**Dataset entries:**

(* For every set of formulas $\Gamma$ and formula $\alpha$: if $\Gamma \vDash_{\bf Km} \alpha$ then there exists a finite subset $\Gamma_0\subseteq\Gamma$ such that $\Gamma_0 \vDash_{\bf Km} \alpha$.
   Context: Formulas are built from a denumerable set of propositional variables by the unary connectives $\neg$, $\Box$ and the binary connective $\to$; $For$ is the set of all formulas. Nmatrix semantics: an Nmatrix has a domain $A$, a set $D\subseteq A$ of designated values and, for each connective, a multioperation assigning to each tuple of arguments a nonempty subset of $A$. A valuation is a map $v:For\to A$ with $v(\neg\alpha)\in\tilde\neg(v(\alpha))$, $v(\Box\alpha)\in\tilde\Box(v(\alpha))$, $v(\alpha\to\beta)\in v(\alpha)\tilde\to v(\beta)$. $\Gamma\vDash\alpha$ iff every valuation $v$ with $v(\gamma)\in D$ for all $\gamma\in\Gamma$ has $v(\alpha)\in D$. The Nmatrix for ${\bf Km}$ (consequence $\vDash_{\bf Km}$): domain $\{T^+,C^+,F^+,I^+,T^-,C^-,F^-,I^-\}$, designated set $+=\{T^+,C^+,F^+,I^+\}$, and $-=\{T^-,C^-,F^-,I^-\}$. Negation: $\tilde\neg T^+=\{F^-\}$, $\tilde\neg C^+=\{C^-\}$, $\tilde\neg F^+=\{T^-\}$, $\tilde\neg I^+=\{I^-\}$, $\tilde\neg T^-=\{F^+\}$, $\tilde\neg C^-=\{C^+\}$, $\tilde\neg F^-=\{T^+\}$, $\tilde\neg I^-=\{I^+\}$. Necessity: $\tilde\Box x=+$ if $x\in\{T^+,T^-,I^+,I^-\}$, and $\tilde\Box x=-$ otherwise. Implication (row $x$, column $y$ gives $x\tilde\to y$): $$\begin{array}{c|cccccccc} \to & T^+ & C^+ & F^+ & I^+ & T^- & C^- & F^- & I^-\\\hline T^+ & \{T^+\}&\{C^+\}&\{F^+\}&\{I^+\}&\{T^-\}&\{C^-\}&\{F^-\}&\{I^-\}\\ C^+ & \{T^+\}&\{T^+,C^+\}&\{C^+\}&\{I^+\}&\{T^-\}&\{T^-,C^-\}&\{C^-\}&\{I^-\}\\ F^+ & \{T^+\}&\{T^+\}&\{T^+\}&\{I^+\}&\{T^-\}&\{T^-\}&\{T^-\}&\{I^-\}\\ I^+ & \{I^+\}&\{I^+\}&\{I^+\}&\{I^+\}&\{I^-\}&\{I^-\}&\{I^-\}&\{I^-\}\\ T^- & \{T^+\}&\{C^+\}&\{F^+\}&\{I^+\}&\{T^+\}&\{C^+\}&\{F^+\}&\{I^+\}\\ C^- & \{T^+\}&\{T^+,C^+\}&\{C^+\}&\{I^+\}&\{T^+\}&\{T^+,C^+\}&\{C^+\}&\{I^+\}\\ F^- & \{T^+\}&\{T^+\}&\{T^+\}&\{I^+\}&\{T^+\}&\{T^+\}&\{T^+\}&\{I^+\}\\ I^- & \{I^+\}&\{I^+\}&\{I^+\}&\{I^+\}&\{I^+\}&\{I^+\}&\{I^+\}&\{I^+\}\end{array}$$ *)

From Stdlib Require Import List.
Import ListNotations.

Inductive formula : Type :=
| Var : nat -> formula
| Neg : formula -> formula
| Box : formula -> formula
| Imp : formula -> formula -> formula.

Inductive val : Type :=
| Tp | Cp | Fp | Ip | Tm | Cm | Fm | Im.

(* Designated values: + = {T+, C+, F+, I+}. *)
Definition designated (x : val) : Prop :=
  match x with Tp | Cp | Fp | Ip => True | _ => False end.

Definition neg_op (x : val) : list val :=
  match x with
  | Tp => [Fm] | Cp => [Cm] | Fp => [Tm] | Ip => [Im]
  | Tm => [Fp] | Cm => [Cp] | Fm => [Tp] | Im => [Ip]
  end.

Definition plus_set : list val := [Tp; Cp; Fp; Ip].
Definition minus_set : list val := [Tm; Cm; Fm; Im].

Definition box_op (x : val) : list val :=
  match x with
  | Tp | Tm | Ip | Im => plus_set
  | _ => minus_set
  end.

Definition imp_op (x y : val) : list val :=
  match x with
  | Tp => [y]
  | Cp => match y with
          | Tp => [Tp] | Cp => [Tp; Cp] | Fp => [Cp] | Ip => [Ip]
          | Tm => [Tm] | Cm => [Tm; Cm] | Fm => [Cm] | Im => [Im]
          end
  | Fp => match y with
          | Tp | Cp | Fp => [Tp] | Ip => [Ip]
          | Tm | Cm | Fm => [Tm] | Im => [Im]
          end
  | Ip => match y with
          | Tp | Cp | Fp | Ip => [Ip]
          | _ => [Im]
          end
  | Tm => match y with
          | Tp | Tm => [Tp] | Cp | Cm => [Cp] | Fp | Fm => [Fp] | Ip | Im => [Ip]
          end
  | Cm => match y with
          | Tp | Tm => [Tp] | Cp | Cm => [Tp; Cp] | Fp | Fm => [Cp] | Ip | Im => [Ip]
          end
  | Fm => match y with
          | Ip | Im => [Ip]
          | _ => [Tp]
          end
  | Im => [Ip]
  end.

Definition valuation (v : formula -> val) : Prop :=
  forall a b : formula,
    In (v (Neg a)) (neg_op (v a)) /\
    In (v (Box a)) (box_op (v a)) /\
    In (v (Imp a b)) (imp_op (v a) (v b)).

Definition Km_conseq (Gamma : formula -> Prop) (alpha : formula) : Prop :=
  forall v : formula -> val, valuation v ->
    (forall g, Gamma g -> designated (v g)) -> designated (v alpha).

(* A countermodel to [Gamma |= alpha] is exactly an
   assignment satisfying a family of constraints, each of which inspects finitely many
   formulas: the closure conditions of a valuation, [designated (v g)] for [g] in [Gamma],
   and [~ designated (v alpha)].  If [Gamma |= alpha] had no finite witness, every finite
   subfamily would be satisfiable, and a Koenig-style argument over the eight truth values
   (fixing the value of the formulas one at a time along an enumeration) satisfies the
   whole family at once. *)

From Stdlib Require Import List.
From Stdlib Require Import Arith Lia Classical ClassicalEpsilon Cantor FinFun.
Import ListNotations.

Section Compactness.

Variables (I V J : Type).
Variable enc : I -> nat.
Hypothesis enc_injective : Injective enc.
Hypothesis V_finite : Finite V.

Variable admissible : J -> Prop.
Variable dom : J -> list I.
Variable test : J -> (I -> V) -> Prop.
Hypothesis test_local : forall j v w,
  (forall i, In i (dom j) -> v i = w i) -> test j v -> test j w.

Definition agree_below (n : nat) (c c' : I -> V) : Prop :=
  forall i, enc i < n -> c i = c' i.

Definition extendable (n : nat) (c : I -> V) : Prop :=
  forall L, (forall j, In j L -> admissible j) ->
  exists v, (forall j, In j L -> test j v) /\ agree_below n c v.

Definition update (c : I -> V) (i : I) (x : V) : I -> V :=
  fun k => if Nat.eqb (enc k) (enc i) then x else c k.

Lemma extendable_update n c i :
  enc i = n -> extendable n c -> exists x, extendable (S n) (update c i x).
Proof.
  intros Hi Hc. apply NNPP; intro Hnone.
  assert (Hbad : forall x, exists Lx, (forall j, In j Lx -> admissible j) /\
      ~ exists v, (forall j, In j Lx -> test j v) /\ agree_below (S n) (update c i x) v).
  { intro x. apply NNPP; intro H. apply Hnone. exists x. intros L HL.
    apply NNPP; intro Hv. apply H. exists L. auto. }
  (* Finitely many values, so the failing subfamilies have a finite union; a solution
     of the union then refutes the failure for its own value at [i]. *)
  destruct (choice _ Hbad) as [Lof HLof].
  destruct V_finite as [vals Hvals].
  destruct (Hc (flat_map Lof vals)) as [v [Hv Hagree]].
  { intros j Hj. apply in_flat_map in Hj as [x [_ Hj]]. exact (proj1 (HLof x) j Hj). }
  apply (proj2 (HLof (v i))). exists v. split.
  - intros j Hj. apply Hv, in_flat_map. eauto.
  - intros k Hk. unfold update. destruct (Nat.eqb_spec (enc k) (enc i)) as [E | E].
    + now rewrite (enc_injective _ _ E).
    + apply Hagree. lia.
Qed.

Lemma extendable_step n c :
  extendable n c -> exists c', agree_below n c c' /\ extendable (S n) c'.
Proof.
  intro Hc. destruct (classic (exists i, enc i = n)) as [[i Hi] | Hnone].
  - destruct (extendable_update n c i Hi Hc) as [x Hx].
    exists (update c i x). split; [|exact Hx].
    intros k Hk. unfold update. destruct (Nat.eqb_spec (enc k) (enc i)); [lia | easy].
  - exists c. split; [easy|]. intros L HL.
    destruct (Hc L HL) as [v [Hv Hagree]]. exists v. split; [exact Hv|].
    intros k Hk. apply Hagree.
    assert (enc k <> n) by (intro E; apply Hnone; eauto). lia.
Qed.

Section Chain.

Variable c0 : I -> V.

Definition next (n : nat) (c : I -> V) : I -> V :=
  epsilon (inhabits c) (fun c' => agree_below n c c' /\ extendable (S n) c').

Fixpoint chain (n : nat) : I -> V :=
  match n with
  | 0 => c0
  | S m => next m (chain m)
  end.

Lemma chain_extendable : extendable 0 c0 -> forall n,
  extendable n (chain n) /\ agree_below n (chain n) (chain (S n)).
Proof.
  intros H0 n. induction n as [|n [IH _]].
  - split; [exact H0|]. apply (epsilon_spec (inhabits c0) _ (extendable_step 0 c0 H0)).
  - split.
    + apply (epsilon_spec _ _ (extendable_step n _ IH)).
    + apply (epsilon_spec _ _ (extendable_step (S n) _
        (proj2 (epsilon_spec _ _ (extendable_step n _ IH))))).
Qed.

Lemma chain_coherent : extendable 0 c0 -> forall n m,
  n <= m -> agree_below n (chain n) (chain m).
Proof.
  intros H0 n m Hnm i Hi. induction Hnm as [|m Hnm IH]; [reflexivity|].
  rewrite IH. apply (chain_extendable H0 m). lia.
Qed.

Definition chain_limit (i : I) : V := chain (S (enc i)) i.

Lemma chain_limit_agree : extendable 0 c0 -> forall n,
  agree_below n (chain n) chain_limit.
Proof.
  intros H0 n i Hi. symmetry. apply (chain_coherent H0); lia.
Qed.

End Chain.

Theorem compactness :
  (forall L, (forall j, In j L -> admissible j) ->
     exists v, forall j, In j L -> test j v) ->
  exists v, forall j, admissible j -> test j v.
Proof.
  intro Hfin. destruct (Hfin [] ltac:(easy)) as [c0 _].
  assert (H0 : extendable 0 c0).
  { intros L HL. destruct (Hfin L HL) as [v Hv]. exists v. split; [exact Hv|].
    intros i Hi. lia. }
  exists (chain_limit c0). intros j Hj.
  set (n := S (list_max (map enc (dom j)))).
  destruct (proj1 (chain_extendable c0 H0 n) [j]) as [v [Hv Hagree]].
  { now intros j' [<- | []]. }
  apply (test_local j v); [|apply Hv; now left].
  intros i Hi.
  assert (enc i < n).
  { apply Nat.lt_succ_r.
    refine (proj1 (Forall_forall _ _) (proj1 (list_max_le _ _) (le_n _)) _ _).
    now apply in_map. }
  rewrite <- Hagree by easy. now apply chain_limit_agree.
Qed.

End Compactness.

Fixpoint encode (f : formula) : nat :=
  match f with
  | Var n => Cantor.to_nat (0, n)
  | Neg a => Cantor.to_nat (1, encode a)
  | Box a => Cantor.to_nat (2, encode a)
  | Imp a b => Cantor.to_nat (3, Cantor.to_nat (encode a, encode b))
  end.

Lemma to_nat_injective : Injective Cantor.to_nat.
Proof.
  intros p q E. now rewrite <- (cancel_of_to p), <- (cancel_of_to q), E.
Qed.

Lemma encode_injective : Injective encode.
Proof.
  intro f. induction f as [n | a IH | a IH | a IHa b IHb];
    intros [m | a' | a' | a' b'] E; cbn [encode] in E;
    apply to_nat_injective, pair_equal_spec in E as [Etag E]; try discriminate.
  - now subst.
  - now rewrite (IH a').
  - now rewrite (IH a').
  - apply to_nat_injective, pair_equal_spec in E as [Ea Eb].
    now rewrite (IHa a'), (IHb b').
Qed.

Lemma val_finite : Finite val.
Proof.
  exists [Tp; Cp; Fp; Ip; Tm; Cm; Fm; Im]. intros []; simpl; tauto.
Qed.

Inductive km_constraint : Type :=
| Closure (a b : formula)
| Premise (g : formula)
| Refutation.

Section Countermodels.

Variable alpha : formula.

Definition km_dom (j : km_constraint) : list formula :=
  match j with
  | Closure a b => [a; b; Neg a; Box a; Imp a b]
  | Premise g => [g]
  | Refutation => [alpha]
  end.

Definition km_test (j : km_constraint) (v : formula -> val) : Prop :=
  match j with
  | Closure a b =>
      In (v (Neg a)) (neg_op (v a)) /\
      In (v (Box a)) (box_op (v a)) /\
      In (v (Imp a b)) (imp_op (v a) (v b))
  | Premise g => designated (v g)
  | Refutation => ~ designated (v alpha)
  end.

Definition km_admissible (Delta : formula -> Prop) (j : km_constraint) : Prop :=
  match j with
  | Premise g => Delta g
  | _ => True
  end.

Lemma km_test_local j v w :
  (forall f, In f (km_dom j) -> v f = w f) -> km_test j v -> km_test j w.
Proof.
  destruct j; cbn; intros E H; rewrite <- !E by tauto; exact H.
Qed.

Lemma not_Km_conseq_iff Delta :
  ~ Km_conseq Delta alpha <->
  exists v, forall j, km_admissible Delta j -> km_test j v.
Proof.
  split.
  - intro Hnot. apply NNPP; intro Hno. apply Hnot. intros v Hv HDelta.
    apply NNPP; intro Halpha. apply Hno. exists v. intros [a b | g |] Hj; cbn.
    + apply Hv.
    + exact (HDelta g Hj).
    + exact Halpha.
  - intros [v Hv] Hcons. apply (Hv Refutation I), Hcons.
    + intros a b. exact (Hv (Closure a b) I).
    + intros g Hg. exact (Hv (Premise g) Hg).
Qed.

End Countermodels.

Definition premises (L : list km_constraint) : list formula :=
  flat_map (fun j => match j with Premise g => [g] | _ => [] end) L.

Lemma In_premises g L : In g (premises L) <-> In (Premise g) L.
Proof.
  unfold premises. rewrite in_flat_map. split.
  - intros [[] [Hj Hg]]; cbn in Hg; try tauto.
    destruct Hg as [<- | []]. exact Hj.
  - intro H. exists (Premise g). cbn. tauto.
Qed.

Theorem mainTheorem18 :
  forall (Gamma : formula -> Prop) (alpha : formula),
    Km_conseq Gamma alpha ->
    exists Gamma0 : list formula,
      (forall g, In g Gamma0 -> Gamma g) /\
      Km_conseq (fun g => In g Gamma0) alpha.
Proof.
  intros Gamma alpha Hcons. apply NNPP; intro Hno.
  revert Hcons. apply not_Km_conseq_iff.
  apply (compactness _ _ _ encode encode_injective val_finite
           (km_admissible Gamma) (km_dom alpha) (km_test alpha) (km_test_local alpha)).
  intros L HL.
  assert (Hfin : ~ Km_conseq (fun g => In g (premises L)) alpha).
  { intro Hfin. apply Hno. exists (premises L). split; [|exact Hfin].
    intros g Hg. apply In_premises in Hg. exact (HL _ Hg). }
  apply not_Km_conseq_iff in Hfin as [v Hv].
  exists v. intros j Hj. apply Hv.
  destruct j; cbn; [easy | now apply In_premises | easy].
Qed.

**Prompt:**
Starting with the line above that holds "destruct (proj1 (chain_extendable" and stopping with the line that holds "Lemma val_finite : Finite val.", reproduce each line exactly, omitting all other lines.

**Expected answer:**
  destruct (proj1 (chain_extendable c0 H0 n) [j]) as [v [Hv Hagree]].
  { now intros j' [<- | []]. }
  apply (test_local j v); [|apply Hv; now left].
  intros i Hi.
  assert (enc i < n).
  { apply Nat.lt_succ_r.
    refine (proj1 (Forall_forall _ _) (proj1 (list_max_le _ _) (le_n _)) _ _).
    now apply in_map. }
  rewrite <- Hagree by easy. now apply chain_limit_agree.
Qed.

End Compactness.

Fixpoint encode (f : formula) : nat :=
  match f with
  | Var n => Cantor.to_nat (0, n)
  | Neg a => Cantor.to_nat (1, encode a)
  | Box a => Cantor.to_nat (2, encode a)
  | Imp a b => Cantor.to_nat (3, Cantor.to_nat (encode a, encode b))
  end.

Lemma to_nat_injective : Injective Cantor.to_nat.
Proof.
  intros p q E. now rewrite <- (cancel_of_to p), <- (cancel_of_to q), E.
Qed.

Lemma encode_injective : Injective encode.
Proof.
  intro f. induction f as [n | a IH | a IH | a IHa b IHb];
    intros [m | a' | a' | a' b'] E; cbn [encode] in E;
    apply to_nat_injective, pair_equal_spec in E as [Etag E]; try discriminate.
  - now subst.
  - now rewrite (IH a').
  - now rewrite (IH a').
  - apply to_nat_injective, pair_equal_spec in E as [Ea Eb].
    now rewrite (IHa a'), (IHb b').
Qed.

Lemma val_finite : Finite val.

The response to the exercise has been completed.